Lemma exp_dkern_between :
  2 / x ^ 2 / E ^ 2 <= - dkern (exp_kernel lam Hlam) x s <= 2 / x ^ 2 * E ^ 2.
Proof.
  destruct exp_kernel_factor_bounds as [HE [[HA1 HA2] [[Hb1 Hb2] [He1 He2]]]].
  set (b := exp (lam * s)) in *.
  assert (Hinv : exp (- lam * s) = / b) by (unfold b; rewrite <- exp_Ropp; f_equal; ring).
  rewrite Hinv in *.
  assert (Hsum : 2 <= / b + b).
  { apply (Rmult_le_reg_r b); [lra |].
    replace ((/ b + b) * b) with (1 + b * b) by (field; lra). nra. }
  assert (Hdk : - dkern (exp_kernel lam Hlam) x s = A ^ 2 * E * (/ b + b) * / x ^ 2).
  { unfold dkern, A; simpl; unfold exp_dcoef. fold E b. rewrite Hinv. field.
    repeat split; lra. }
  assert (HA2sq : / E ^ 2 <= A ^ 2 <= 1).
  { rewrite <- pow_inv. split; [apply pow_incr | rewrite <- (pow1 2); apply pow_incr];
      pose proof (Rinv_0_lt_compat E ltac:(lra)); lra. }
  assert (Hx2 : 0 < / x ^ 2) by (apply Rinv_0_lt_compat, pow_lt, Hx).
  assert (HE2 : 0 < / E ^ 2) by (apply Rinv_0_lt_compat, pow_lt; lra).
  rewrite Hdk. unfold Rdiv. split.
  - replace (2 * / x ^ 2 * / E ^ 2) with ((/ E ^ 2 * 1 * 2) * / x ^ 2) by ring.
    apply Rmult_le_compat_r; [lra |].
    apply Rmult_le_compat; [nra | lra | apply Rmult_le_compat; lra | lra].
  - replace (2 * / x ^ 2 * E ^ 2) with ((1 * E * (2 * E)) * / x ^ 2) by ring.
    apply Rmult_le_compat_r; [lra |].
    assert (0 <= A ^ 2) by apply pow2_ge_0.
    apply Rmult_le_compat; [nra | lra | apply Rmult_le_compat; lra | lra].
Qed.

End ExponentialKernel.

---------------

What the task asks> Find each line in the material above that carries the string "rewrite", and copy it.

Answer to this problem>
  assert (Hinv : exp (- lam * s) = / b) by (unfold b; rewrite <- exp_Ropp; f_equal; ring).
  rewrite Hinv in *.
  { unfold dkern, A; simpl; unfold exp_dcoef. fold E b. rewrite Hinv. field.
  { rewrite <- pow_inv. split; [apply pow_incr | rewrite <- (pow1 2); apply pow_incr];
  rewrite Hdk. unfold Rdiv. split.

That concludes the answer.